# Baseline Model : Logistic Regression

In [82]:
import pandas as pd
from sklearn.model_selection import train_test_split
from sklearn.feature_extraction import DictVectorizer
from sklearn.linear_model import LogisticRegression
from sklearn.metrics import classification_report
import joblib
from sklearn.model_selection import GridSearchCV

In [83]:
data = pd.read_csv('ner_dataset.csv.gz', encoding='latin1')

# preprocessing
data['Sentence #'] = data['Sentence #'].fillna(method='ffill')


sentences = data.groupby('Sentence #').apply(lambda s: [(w, t) for w, t in zip(s['Word'].tolist(), s['Tag'].tolist())])
sentences = [s for s in sentences]

# Train/Test and Validation set
train_sentences, test_sentences = train_test_split(sentences, test_size=0.2, random_state=42)
train_sentences, val_sentences = train_test_split(train_sentences, test_size=0.1, random_state=42)

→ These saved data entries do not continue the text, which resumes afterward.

Definition consistent (s : seq (trans Q)) : bool :=
  sorted (fun t u : trans Q => ttgt t == tsrc u) s.

Definition is_cycle (s : seq (trans Q)) : bool :=
  if s is t :: s' then
    [&& all (Tpos O) s, consistent s & ttgt (last t s') == tsrc t]
  else false.

Definition base (s : seq (trans Q)) : option Q :=
  if s is t :: _ then Some (tsrc t) else None.

Definition simple (s : seq (trans Q)) : bool := uniq (map tsrc s).

Definition contained (S : {set Q}) (s : seq (trans Q)) : bool :=
  all (fun t => (tsrc t \in S) && (ttgt t \in S)) s.

Definition edge : rel Q :=
  fun p q => has (fun d : int => Tpos O (p, d, q)) [:: (-1)%R; 0%R; 1%R].

Definition is_scc (S : {set Q}) : Prop :=
  exists p : Q, S = [set q | connect edge p q && connect edge q p].

Definition pos_enabled (S : {set Q}) : Prop :=
  exists s, [&& is_cycle s, contained S s & (0 < eff s)%R].
Definition neg_enabled (S : {set Q}) : Prop :=
  exists s, [&& is_cycle s, contained S s & (eff s < 0)%R].

(* a normal decomposition rho = pref up cap down suff, with exponents a, b *)
Record ndec := NDec {
  dpref : opath; dup : opath; dcap : opath; ddown : opath; dsuff : opath;
  da : nat; db : nat }.

Section Normal.
Variables (sigp sign : {set Q} -> seq (trans Q)).

Definition normal_dec (S T : {set Q}) (rho : opath) (d : ndec) : Prop :=
  [/\ is_scc S, is_scc T, pos_enabled S & neg_enabled T] /\
  is_arc rho /\
  [/\ valid (dpref d), valid (dup d), valid (dcap d), valid (ddown d) & valid (dsuff d)] /\
  [/\ psrc (dpref d) = psrc rho, psrc (dup d) = ptgt (dpref d),
      psrc (dcap d) = ptgt (dup d), psrc (ddown d) = ptgt (dcap d)
    & psrc (dsuff d) = ptgt (ddown d)] /\
  ptrs rho = ptrs (dpref d) ++ ptrs (dup d) ++ ptrs (dcap d) ++ ptrs (ddown d)
             ++ ptrs (dsuff d) /\
  low (dpref d) /\ low (dsuff d) /\
  ptrs (dup d) = flatten (nseq (da d) (sigp S)) /\
  ptrs (ddown d) = flatten (nseq (db d) (sign T)) /\
  Some (psrc (dcap d)).1 = base (sigp S) /\
  Some (ptgt (dcap d)).1 = base (sign T).

Definition good_normal_dec (S T : {set Q}) (rho : opath) (d : ndec) : Prop :=
  let A := `|eff (sigp S)|%N in
  let B := `|eff (sign T)|%N in
  normal_dec S T rho d /\
  (da d * A <= 2 * len (dcap d) + 2 * lcmn A B)%N /\
  (db d * B <= 2 * len (dcap d) + 2 * lcmn A B)%N /\
  (forall s, infix s (ptrs (dcap d)) -> is_cycle s ->
                ~~ (gcdn A B %| `|eff s|)%N) /\
  (n_states < (ptgt (dup d)).2)%N /\ (n_states < (psrc (ddown d)).2)%N /\
  (* (vii) *) uniq (cfgs (dpref d) ++ cfgs (dsuff d)).

End Normal.

Fixpoint chain (c : config Q) (ps : seq opath) : Prop :=
  if ps is p :: ps' then psrc p = c /\ chain (ptgt p) ps' else True.

Definition concat_of (rho : opath) (ps : seq opath) : Prop :=
  chain (psrc rho) ps /\ ptrs rho = flatten (map ptrs ps).

Definition min_low_arc (p : opath) : Prop :=
  is_arc p /\ low p /\
  forall p', is_arc p' -> low p' -> psrc p' = psrc p -> ptgt p' = ptgt p ->
    (len p <= len p')%N.

End OCSDefs.

From mathcomp Require Import all_boot all_order all_algebra.
From mathcomp Require Import zify.
Set Implicit Arguments. Unset Strict Implicit. Unset Printing Implicit Defensive.

(* Every transition of rho is fired from a configuration lying in exactly one
   arc rho^i.  Cutting out a loop of rho removes the zero configurations on
   it, so by minimality no loop of rho passes through counter value 0; as
   every arc starts at counter value 0, a configuration fired from in two
   different arcs would lie on such a loop.  Hence distinct arcs fire from
   disjoint sets of configurations.  Inside one arc, a minimal low arc fires
   from pairwise distinct configurations (a loop could be cut to shorten it),
   and so do the prefix and suffix of a good normal decomposition together,
   by (vii).  The left-hand side therefore counts pairwise distinct
   configurations with counter value below 5n, of which there are n * 5n. *)

Lemma all2_map (I T U : Type) (r : T -> U -> bool) (f : I -> T) (g : I -> U) s :
  all2 r (map f s) (map g s) = all (fun i => r (f i) (g i)) s.
Proof. by elim: s => //= i s ->. Qed.

Section Repeats.
Variable X : eqType.
Implicit Types (s : seq X) (z : pred X) (bs : seq (seq X)).

Lemma not_uniq_repeat s : ~~ uniq s -> exists s1 x s2 s3, s = s1 ++ x :: s2 ++ x :: s3.
Proof.
elim: s => [|y s IH] //=; rewrite negb_and negbK => /orP[/splitPr[s2 s3] | /IH].
- by exists [::], y, s2, s3.
- by case=> s1 [x [s2 [s3 ->]]]; exists (y :: s1), x, s2, s3.
Qed.

Lemma all_skip_repeat (a : pred X) s1 x s2 s3 :
  all a (s1 ++ x :: s2 ++ x :: s3) -> all a (s1 ++ x :: s3).
Proof. by rewrite !all_cat /= all_cat /= => /and5P[-> -> _ _ ->]. Qed.

Lemma all_behead_skip_repeat (a : pred X) s1 x s2 s3 :
  all a (behead (s1 ++ x :: s2 ++ x :: s3)) -> all a (behead (s1 ++ x :: s3)).
Proof.
case: s1 => [|y s1] /=; last exact: all_skip_repeat.
by rewrite all_cat /= => /and3P[].
Qed.

Lemma count_skip_repeat_lt z s1 x s2 s3 : has z (x :: s2) ->
  count z (s1 ++ x :: s3) < count z (s1 ++ x :: s2 ++ x :: s3).
Proof. by rewrite has_count !count_cat /= count_cat /=; lia. Qed.

Definition loops_avoid z s :=
  forall s1 x s2 s3, s = s1 ++ x :: s2 ++ x :: s3 -> ~~ has z (x :: s2).

Lemma loops_avoid_catr z s1 s2 : loops_avoid z (s1 ++ s2) -> loops_avoid z s2.
Proof. by move=> Hl t1 x t2 t3 E; apply: (Hl (s1 ++ t1)); rewrite E catA. Qed.

Lemma take1_flatten z bs :
  all (fun b => all z (take 1 b)) bs -> all z (take 1 (flatten bs)).
Proof. by elim: bs => [|[|y b] bs IH] //= => /andP[/andP[-> _] _]; rewrite take0. Qed.

(* A repetition across two blocks would span the start of the later block. *)
Lemma disjoint_blocks z bs :
  all (fun b => all z (take 1 b)) bs -> loops_avoid z (flatten bs) ->
  pairwise (fun b c => ~~ has [in b] c) bs.
Proof.
elim: bs => [|b bs IH] //= /andP[_ Hbs] Hl.
rewrite (IH Hbs (loops_avoid_catr Hl)) andbT.
apply/allP => c Hc; apply/hasPn => x Hxc; apply/negP => Hxb.
have Hxf : x \in flatten bs by apply/flattenP; exists c.
move: Hl (take1_flatten Hbs); case/splitPr: Hxf => c1 c2; case/splitPr: Hxb => b1 b2 Hl Hz.
have E : (b1 ++ x :: b2) ++ c1 ++ x :: c2 = b1 ++ x :: (b2 ++ c1) ++ x :: c2.
  by rewrite -catA /= -catA.
have /negP := Hl _ _ _ _ E; apply.
case: c1 {Hl E} Hz => [|y c1] /= => /andP[Hz _].
- by rewrite Hz.
- by rewrite has_cat /= Hz !orbT.
Qed.

Lemma all2_flatten_subset (r : rel (seq X)) Ls bs :
  (forall l b, r l b -> {subset l <= b}) -> all2 r Ls bs ->
  {subset flatten Ls <= flatten bs}.
Proof.
move=> Hr; elim: Ls bs => [|l Ls IH] [|b bs] //= /andP[/Hr Hlb /IH HLs] x.
by rewrite !mem_cat => /orP[/Hlb | /HLs] ->; rewrite ?orbT.
Qed.

Lemma uniq_flatten_subblocks Ls bs :
  all2 (fun l b => uniq l && all [in b] l) Ls bs ->
  pairwise (fun b c => ~~ has [in b] c) bs -> uniq (flatten Ls).
Proof.
have Hsub (l b : seq X) : uniq l && all [in b] l -> {subset l <= b}.
  by case/andP=> _ /allP.
elim: Ls bs => [|l Ls IH] [|b bs] //= /andP[Hlb HLs] /andP[/allP Hb Hbs].
rewrite cat_uniq (IH bs) // andbT (andP Hlb).1 /=.
apply/hasPn => x /(all2_flatten_subset Hsub HLs) /flattenP[c Hc Hxc].
by apply: contraNN (Hb c Hc) => /(Hsub _ _ Hlb) Hx; apply/hasP; exists x.
Qed.

End Repeats.

Lemma size_uniq_bounded_cfgs (Q : finType) (N : nat) (s : seq (config Q)) :
  uniq s -> all (fun c : config Q => c.2 < N) s -> size s <= #|Q| * N.
Proof.
move=> Hu /allP Hs; rewrite cardE -(size_iota 0 N) -(size_allpairs pair).
apply: uniq_leq_size Hu _ => c Hc; apply/allpairsP; exists c.
by rewrite mem_enum mem_iota /= Hs //; case: c {Hc}.
Qed.

Section FiredConfigurations.
Variables (Q : finType) (O : OCS Q).
Implicit Types (c : config Q) (ts : seq (trans Q)) (p : opath Q).

Fixpoint fired_from c ts : seq (config Q) :=
  if ts is t :: ts' then c :: fired_from (step c t) ts' else [::].

Definition fired p := fired_from (psrc p) (ptrs p).

Definition low_cfg c : bool := c.2 < 5 * n_states Q.

Lemma size_fired p : size (fired p) = len p.
Proof. by rewrite /fired /len; elim: (ptrs p) (psrc p) => //= t ts IH c; rewrite IH. Qed.

Lemma cfgs_fromE c ts : cfgs_from c ts = rcons (fired_from c ts) (foldl (@step Q) c ts).
Proof. by elim: ts c => //= t ts IH c; rewrite IH. Qed.

Lemma cfgsE p : cfgs p = rcons (fired p) (ptgt p).
Proof. exact: cfgs_fromE. Qed.

Lemma intermediateE p : intermediate p = behead (fired p).
Proof.
rewrite /intermediate cfgsE -size_fired.
by case: (fired p) => //= c s; rewrite -cats1 take_size_cat.
Qed.

Lemma mem_fired p : {subset fired p <= cfgs p}.
Proof. by rewrite cfgsE; apply: mem_subseq; apply: subseq_rcons. Qed.

Lemma low_fired p : low p -> all low_cfg (fired p).
Proof. by move/allP=> Hlow; apply/allP => c /mem_fired /Hlow. Qed.

Lemma valid_from_cat c s1 s2 :
  valid_from O c (s1 ++ s2) = valid_from O c s1 && valid_from O (foldl (@step Q) c s1) s2.
Proof. by elim: s1 c => //= t s1 IH c; rewrite IH andbA. Qed.

Lemma fired_from_cat c s1 s2 :
  fired_from c (s1 ++ s2) = fired_from c s1 ++ fired_from (foldl (@step Q) c s1) s2.
Proof. by elim: s1 c => //= t s1 IH c; rewrite IH. Qed.

Lemma fired_from_catP c ts s1 s2 : fired_from c ts = s1 ++ s2 ->
  exists ts1 ts2, [/\ ts = ts1 ++ ts2, fired_from c ts1 = s1
                    & fired_from (foldl (@step Q) c ts1) ts2 = s2].
Proof.
elim: s1 c ts => [|x s1 IH] c ts; first by move=> E; exists [::], ts.
case: ts => [|t ts] //= [-> /IH[ts1 [ts2 [-> E1 E2]]]].
by exists (t :: ts1), ts2; rewrite /= E1.
Qed.

Lemma fired_from_head c ts x s : fired_from c ts = x :: s -> x = c.
Proof. by case: ts => //= t ts []. Qed.

Lemma skip_loop p s1 x s2 s3 : fired p = s1 ++ x :: s2 ++ x :: s3 ->
  exists p', [/\ psrc p' = psrc p, ptgt p' = ptgt p, valid O p -> valid O p'
               & fired p' = s1 ++ x :: s3].
Proof.
case/fired_from_catP=> ts1 [tr [Ets F1]].
case/(@fired_from_catP _ _ (x :: s2) (x :: s3)) => ts2 [ts3 [Etr /fired_from_head Ex]].
move=> /[dup] F3 /fired_from_head Ey.
exists (OPath (psrc p) (ts1 ++ ts3)); rewrite /valid /ptgt /fired /= Ets Etr.
rewrite -Ey in F3; rewrite !valid_from_cat !foldl_cat fired_from_cat F1 -Ey -Ex F3.
by split=> // /and3P[-> _ ->].
Qed.

Lemma fired_chain c ps : chain c ps ->
  fired_from c (flatten (map (@ptrs Q) ps)) = flatten (map fired ps).
Proof.
by elim: ps c => //= p ps IH c [<- /IH <-]; rewrite fired_from_cat.
Qed.

Lemma fired_concat rho ps : concat_of rho ps -> fired rho = flatten (map fired ps).
Proof. by case=> Hc Ets; rewrite /fired Ets fired_chain. Qed.

Lemma arc_take1_fired p : is_arc O p -> all (fun c : config Q => c.2 == 0) (take 1 (fired p)).
Proof. by case/and4P=> _ H0 _ _; rewrite /fired; case: (ptrs p) => //= *; rewrite H0 take0. Qed.

(* Removing a loop from a minimal low arc would give a shorter low arc. *)
Lemma min_low_arc_uniq p : min_low_arc O p -> uniq (fired p).
Proof.
case=> /and4P[Hv Hs0 Ht0 Hint] [Hlow Hmin].
apply: contraT => /not_uniq_repeat[s1 [x [s2 [s3 E]]]].
have [p' [Hs Ht Hv' E']] := skip_loop E.
have : len p <= len p'.
  apply: Hmin => //.
    apply/and4P; split; [exact: Hv' Hv | by rewrite Hs | by rewrite Ht |].
    by rewrite intermediateE E'; rewrite intermediateE E in Hint; apply: all_behead_skip_repeat Hint.
  by move: Hlow; rewrite /low !cfgsE E E' Ht !all_rcons => /andP[-> /all_skip_repeat].
by rewrite -!size_fired E E' !size_cat /= size_cat /=; lia.
Qed.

  data['Sentence #'] = data['Sentence #'].fillna(method='ffill')
  sentences = data.groupby('Sentence #').apply(lambda s: [(w, t) for w, t in zip(s['Word'].tolist(), s['Tag'].tolist())])


In [85]:
# feature creation
def word2features(sent, i):
    word = sent[i][0]
    features = {
        'word.lower()': str(word).lower(),
        'word[-3:]': str(word)[-3:],
        'word[-2:]': str(word)[-2:],
        'word.isupper()': str(word).isupper(),
        'word.istitle()': str(word).istitle(),
        'word.isdigit()': str(word).isdigit(),
        'BOS': i == 0,
        'EOS': i == len(sent) - 1
    }
    if i > 0:
        word1 = sent[i-1][0]
        features.update({
            '-1:word.lower()': str(word1).lower(),
            '-1:word.istitle()': str(word1).istitle(),
            '-1:word.isupper()': str(word1).isupper(),
        })
    else:
        features['BOS'] = True

    if i < len(sent)-1:
        word1 = sent[i+1][0]
        features.update({
            '+1:word.lower()': str(word1).lower(),
            '+1:word.istitle()': str(word1).istitle(),
            '+1:word.isupper()': str(word1).isupper(),
        })
    else:
        features['EOS'] = True

    return features

def sent2features(sent):
    return [word2features(sent, i) for i in range(len(sent))]

def sent2labels(sent):
    return [label for word, label in sent]

def sent2tokens(sent):
    return [word for word, label in sent]

X_train = [sent2features(s) for s in train_sentences]
y_train = [sent2labels(s) for s in train_sentences]

X_val = [sent2features(s) for s in val_sentences]
y_val = [sent2labels(s) for s in val_sentences]

X_test = [sent2features(s) for s in test_sentences]
y_test = [sent2labels(s) for s in test_sentences]


In [86]:
vec = DictVectorizer(sparse=True)

X_train_flat = [item for sublist in X_train for item in sublist]
y_train_flat = [item for sublist in y_train for item in sublist]

X_val_flat = [item for sublist in X_val for item in sublist]
y_val_flat = [item for sublist in y_val for item in sublist]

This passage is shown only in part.